Dataset items
^^^^^^^^

(* Let $g=(g_0,g_1,g_2,g_3)\in\mathbb{R}^4$ with $g_0<g_2$ and $g_1<g_3$ be a fixed ground-truth box, and let $L_i\le U_i$ ($i=0,1,2,3$) be real numbers with $L_2>0$ and $L_3>0$. Consider the problem of maximising $\mathrm{IoU}(\mathbf z,g)$ over $\mathbf z=(z_0,z_1,z_2,z_3)\in\mathbb{R}^4$ subject to the constraints $$L_0\le z_0+z_2\le U_0,\qquad L_1\le z_1+z_3\le U_1,\qquad L_2\le z_2-z_0\le U_2,\qquad L_3\le z_3-z_1\le U_3,$$ and let $F$ denote the set of $\mathbf z$ satisfying these constraints. Define the finite sets of planar points $$P^c_x=\Big\{\big(\tfrac{U_0-U_2}{2},\tfrac{U_0+U_2}{2}\big),\big(\tfrac{U_0-L_2}{2},\tfrac{U_0+L_2}{2}\big),\big(\tfrac{L_0-U_2}{2},\tfrac{L_0+U_2}{2}\big),\big(\tfrac{L_0-L_2}{2},\tfrac{L_0+L_2}{2}\big)\Big\},$$ $$P^c_y=\Big\{\big(\tfrac{U_1-U_3}{2},\tfrac{U_1+U_3}{2}\big),\big(\tfrac{U_1-L_3}{2},\tfrac{U_1+L_3}{2}\big),\big(\tfrac{L_1-U_3}{2},\tfrac{L_1+U_3}{2}\big),\big(\tfrac{L_1-L_3}{2},\tfrac{L_1+L_3}{2}\big)\Big\},$$ $$P^{\mathrm{int}}_x=\{(g_0,U_0-g_0),(g_0,L_0-g_0),(g_0,U_2+g_0),(g_0,L_2+g_0),(U_0-g_2,g_2),(L_0-g_2,g_2),(g_2-U_2,g_2),(g_2-L_2,g_2)\},$$ $$P^{\mathrm{int}}_y=\{(g_1,U_1-g_1),(g_1,L_1-g_1),(g_1,U_3+g_1),(g_1,L_3+g_1),(U_1-g_3,g_3),(L_1-g_3,g_3),(g_3-U_3,g_3),(g_3-L_3,g_3)\},$$ $P^{gt}_x=\{(g_0,g_2)\}$, $P^{gt}_y=\{(g_1,g_3)\}$, and $P_x=P^c_x\cup P^{\mathrm{int}}_x\cup P^{gt}_x$, $P_y=P^c_y\cup P^{\mathrm{int}}_y\cup P^{gt}_y$. Let $P_{z_0}=\{\alpha:(\alpha,\beta)\in P_x\text{ for some }\beta\}$, $P_{z_2}=\{\beta:(\alpha,\beta)\in P_x\text{ for some }\alpha\}$, $P_{z_1}=\{\alpha:(\alpha,\beta)\in P_y\text{ for some }\beta\}$, $P_{z_3}=\{\beta:(\alpha,\beta)\in P_y\text{ for some }\alpha\}$, and $C_s=P_{z_0}\times P_{z_1}\times P_{z_2}\times P_{z_3}$ (a point $(z_0,z_1,z_2,z_3)$ lies in $C_s$ iff $z_i\in P_{z_i}$ for each $i$). Then the maximum of $\mathrm{IoU}(\mathbf z,g)$ over $F$ is attained at a point of $C_s$: if $\mathbf z^*\in F$ maximises $\mathrm{IoU}(\cdot,g)$ over $F$, then there exists $\mathbf z'\in C_s\cap F$ with $\mathrm{IoU}(\mathbf z',g)=\mathrm{IoU}(\mathbf z^*,g)$.
   Context: Boxes are in corner format $b=(b_0,b_1,b_2,b_3)$ with top-left corner $(b_0,b_1)$ and bottom-right corner $(b_2,b_3)$. The area of a box is $\mathbf a(b)=(b_3-b_1)(b_2-b_0)$. The intersection of boxes $b,b'$ is $\mathbf i(b,b')=(\max(b_0,b'_0),\max(b_1,b'_1),\min(b_2,b'_2),\min(b_3,b'_3))$, and $\mathrm{IoU}(b,b')=\mathbf a(\mathbf i(b,b'))/\big(\mathbf a(b)+\mathbf a(b')-\mathbf a(\mathbf i(b,b'))\big)$. In the paper's setting the constraint bounds arise from interval bounds on predicted box centres ($z_0+z_2$, $z_1+z_3$ equal twice the centre coordinates) and on predicted widths and heights ($z_2-z_0$, $z_3-z_1$), which are positive. *)

From Stdlib Require Import Reals List.
Import ListNotations.
Open Scope R_scope.

(* A box in corner format b = (b0,b1,b2,b3): top-left (b0,b1), bottom-right (b2,b3). *)
Record box := mkbox { b0 : R; b1 : R; b2 : R; b3 : R }.

Definition area (b : box) : R := (b3 b - b1 b) * (b2 b - b0 b).

Definition inter (b b' : box) : box :=
  mkbox (Rmax (b0 b) (b0 b')) (Rmax (b1 b) (b1 b'))
        (Rmin (b2 b) (b2 b')) (Rmin (b3 b) (b3 b')).

Definition IoU (b b' : box) : R :=
  area (inter b b') / (area b + area b' - area (inter b b')).

Definition inF (L U : box) (z : box) : Prop :=
  b0 L <= b0 z + b2 z <= b0 U /\
  b1 L <= b1 z + b3 z <= b1 U /\
  b2 L <= b2 z - b0 z <= b2 U /\
  b3 L <= b3 z - b1 z <= b3 U.

(* Candidate point sets, for one axis: lo/hi bounds on the centre sum (Lc,Uc),
   on the size (Ls,Us), and the ground-truth coordinates (ga, gb). *)
Definition Pc (Lc Uc Ls Us : R) : list (R * R) :=
  [ ((Uc - Us) / 2, (Uc + Us) / 2);
    ((Uc - Ls) / 2, (Uc + Ls) / 2);
    ((Lc - Us) / 2, (Lc + Us) / 2);
    ((Lc - Ls) / 2, (Lc + Ls) / 2) ].

Definition Pint (Lc Uc Ls Us ga gb : R) : list (R * R) :=
  [ (ga, Uc - ga); (ga, Lc - ga); (ga, Us + ga); (ga, Ls + ga);
    (Uc - gb, gb); (Lc - gb, gb); (gb - Us, gb); (gb - Ls, gb) ].

Definition Pgt (ga gb : R) : list (R * R) := [ (ga, gb) ].

Definition Paxis (Lc Uc Ls Us ga gb : R) : list (R * R) :=
  Pc Lc Uc Ls Us ++ Pint Lc Uc Ls Us ga gb ++ Pgt ga gb.

Definition Px (L U g : box) : list (R * R) :=
  Paxis (b0 L) (b0 U) (b2 L) (b2 U) (b0 g) (b2 g).
Definition Py (L U g : box) : list (R * R) :=
  Paxis (b1 L) (b1 U) (b3 L) (b3 U) (b1 g) (b3 g).

Definition inCs (L U g : box) (z : box) : Prop :=
  In (b0 z) (map fst (Px L U g)) /\
  In (b1 z) (map fst (Py L U g)) /\
  In (b2 z) (map snd (Px L U g)) /\
  In (b3 z) (map snd (Py L U g)).

From Stdlib Require Import Reals Lra List.
Open Scope R_scope.

(* IoU z g = I / (S - I) = odds (I / S), where I is the (signed) intersection area,
   S = area z + area g > 0 and odds x = x / (1 - x).  Fix the vertical coordinates
   of z.  Along a line of the (z0, z2)-plane, S is affine and I is affine between the
   kinks where z0 crosses g0 or z2 crosses g2, so there I / S is monotone.  As odds
   is increasing on both sides of its pole at 1 (where division by zero makes it 0),
   a maximum of IoU on such a piece is also attained at an end of the piece.  Sliding
   a maximiser along the diagonal until it meets an edge of the centre constraint or
   a kink line, and then along that line, therefore reaches a point of P_x with the
   same IoU.  The same argument in transposed coordinates handles (z1, z3). *)

Definition odds (x : R) : R := x / (1 - x).

Lemma odds_1 : odds 1 = 0.
Proof. unfold odds. rewrite Rminus_diag. apply Rdiv_0_r. Qed.

Lemma odds_le (x y : R) : x <= y -> y < 1 \/ 1 < x -> odds x <= odds y.
Proof.
  intros Hxy Hside.
  assert (Hd : 0 < (1 - x) * (1 - y)) by (destruct Hside; nra).
  assert (E : odds y - odds x = (y - x) / ((1 - x) * (1 - y)))
    by (unfold odds; field; split; nra).
  assert (0 <= (y - x) / ((1 - x) * (1 - y))).
  { unfold Rdiv. apply Rmult_le_pos; [lra|]. apply Rlt_le, Rinv_0_lt_compat, Hd. }
  lra.
Qed.

Lemma odds_neg (x : R) : 1 < x -> odds x < 0.
Proof. intros Hx. apply Rdiv_pos_neg; lra. Qed.

Lemma odds_unbounded (c M : R) : c < 1 -> exists y, c <= y < 1 /\ M < odds y.
Proof.
  intros Hc.
  set (m := Rabs M + 1).
  assert (Hm : 0 < m) by (unfold m; pose proof (Rabs_pos M); lra).
  assert (Hodds : odds (m / (m + 1)) = m) by (unfold odds; field; lra).
  assert (Hlt : m / (m + 1) < 1).
  { assert (m / (m + 1) = 1 - 1 / (m + 1)) by (field; lra).
    assert (0 < 1 / (m + 1)) by (apply Rdiv_lt_0_compat; lra). lra. }
  exists (Rmax c (m / (m + 1))).
  pose proof (Rmax_l c (m / (m + 1))). pose proof (Rmax_r c (m / (m + 1))).
  assert (Rmax c (m / (m + 1)) < 1) by (apply Rmax_lub_lt; lra).
  split; [lra|].
  pose proof (odds_le (m / (m + 1)) (Rmax c (m / (m + 1))) ltac:(lra) ltac:(lra)).
  pose proof (Rle_abs M). unfold m in *. lra.
Qed.

Lemma odds_max_at_end (c d x : R) : c <= x <= d ->
  (forall y, c <= y <= d -> odds y <= odds x) -> odds x = odds c \/ odds x = odds d.
Proof.
  intros Hx Hmax.
  destruct (Rlt_le_dec d 1) as [Hd|Hd].
  { right. apply Rle_antisym; [apply odds_le|apply Hmax]; lra. }
  destruct (Rlt_le_dec 1 c) as [Hc|Hc].
  { right. apply Rle_antisym; [apply odds_le|apply Hmax]; lra. }
  destruct (Req_dec c 1) as [Hc1|Hc1].
  - left. subst c. apply Rle_antisym; [|apply Hmax; lra].
    rewrite odds_1. destruct (Req_dec x 1) as [->|Hx1].
    + rewrite odds_1. lra.
    + apply Rlt_le, odds_neg. lra.
  - exfalso. destruct (odds_unbounded c (odds x)) as [y [Hy Hlt]]; [lra|].
    specialize (Hmax y ltac:(lra)). lra.
Qed.

Lemma affine_root (c0 c1 a b : R) : a <= b -> (c0 + c1 * a) * (c0 + c1 * b) <= 0 ->
  exists t, a <= t <= b /\ c0 + c1 * t = 0.
Proof.
  intros Hab Hsign.
  destruct (Req_dec c1 0) as [->|Hc1].
  - exists a. split; nra.
  - exists (- c0 / c1).
    assert (E : forall t, c0 + c1 * t = c1 * (t - - c0 / c1)) by (intro; field; exact Hc1).
    rewrite !E in Hsign.
    assert (Hsq : 0 < c1 * c1) by nra.
    assert ((a - - c0 / c1) * (b - - c0 / c1) <= 0) by nra.
    split; [split; nra|]. rewrite E. ring.
Qed.

Definition affine_on (f : R -> R) (a b : R) : Prop :=
  exists c0 c1, forall t, a <= t <= b -> f t = c0 + c1 * t.

Section AffineRatio.

Variables (N S : R -> R) (a b : R).
Hypotheses (HN : affine_on N a b) (HS : affine_on S a b)
  (HSpos : forall t, a <= t <= b -> 0 < S t).

Lemma affine_ratio_monotone :
  (forall t u, a <= t -> t <= u -> u <= b -> N t / S t <= N u / S u) \/
  (forall t u, a <= t -> t <= u -> u <= b -> N u / S u <= N t / S t).
Proof.
  destruct HN as [n0 [n1 EN]], HS as [s0 [s1 ES]].
  assert (Hdiff : forall t u, a <= t -> t <= u -> u <= b ->
    N u / S u - N t / S t = (u - t) * (n1 * s0 - n0 * s1) / (S t * S u)).
  { intros t u Ht Htu Hu.
    assert (0 < S t) by (apply HSpos; lra). assert (0 < S u) by (apply HSpos; lra).
    rewrite (EN t), (EN u), (ES t), (ES u) in * by lra. field. lra. }
  destruct (Rle_dec 0 (n1 * s0 - n0 * s1)) as [HW|HW]; [left|right];
    intros t u Ht Htu Hu; specialize (Hdiff t u Ht Htu Hu);
    assert (Hinv : 0 < / (S t * S u))
      by (apply Rinv_0_lt_compat, Rmult_lt_0_compat; apply HSpos; lra);
    unfold Rdiv in Hdiff.
  - assert (0 <= (u - t) * (n1 * s0 - n0 * s1)) by nra. nra.
  - assert ((u - t) * (n1 * s0 - n0 * s1) <= 0) by nra. nra.
Qed.

Lemma affine_ratio_onto (y : R) : a <= b ->
  (N a / S a - y) * (N b / S b - y) <= 0 -> exists t, a <= t <= b /\ N t / S t = y.
Proof.
  intros Hab Hy.
  destruct HN as [n0 [n1 EN]], HS as [s0 [s1 ES]].
  assert (Ha : 0 < S a) by (apply HSpos; lra). assert (Hb : 0 < S b) by (apply HSpos; lra).
  assert (Hroot : forall t, a <= t <= b ->
    (n0 - y * s0) + (n1 - y * s1) * t = S t * (N t / S t - y)).
  { intros t Ht. assert (0 < S t) by (apply HSpos; lra).
    rewrite (EN t), (ES t) in * by lra. field. lra. }
  destruct (affine_root (n0 - y * s0) (n1 - y * s1) a b Hab) as [t [Ht Hzero]].
  - rewrite (Hroot a), (Hroot b) by lra.
    replace (S a * (N a / S a - y) * (S b * (N b / S b - y)))
      with ((S a * S b) * ((N a / S a - y) * (N b / S b - y))) by ring.
    assert (0 < S a * S b) by (apply Rmult_lt_0_compat; lra). nra.
  - exists t. split; [exact Ht|].
    rewrite Hroot in Hzero by exact Ht.
    assert (0 < S t) by (apply HSpos; lra). nra.
Qed.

^^^^^^^^

Task description: Please write out only the lines from the one containing "rewrite Hroot in Hzero by exact Ht." to the end of the records above, exactly, both ends included.

Exercise response:
    rewrite Hroot in Hzero by exact Ht.
    assert (0 < S t) by (apply HSpos; lra). nra.
Qed.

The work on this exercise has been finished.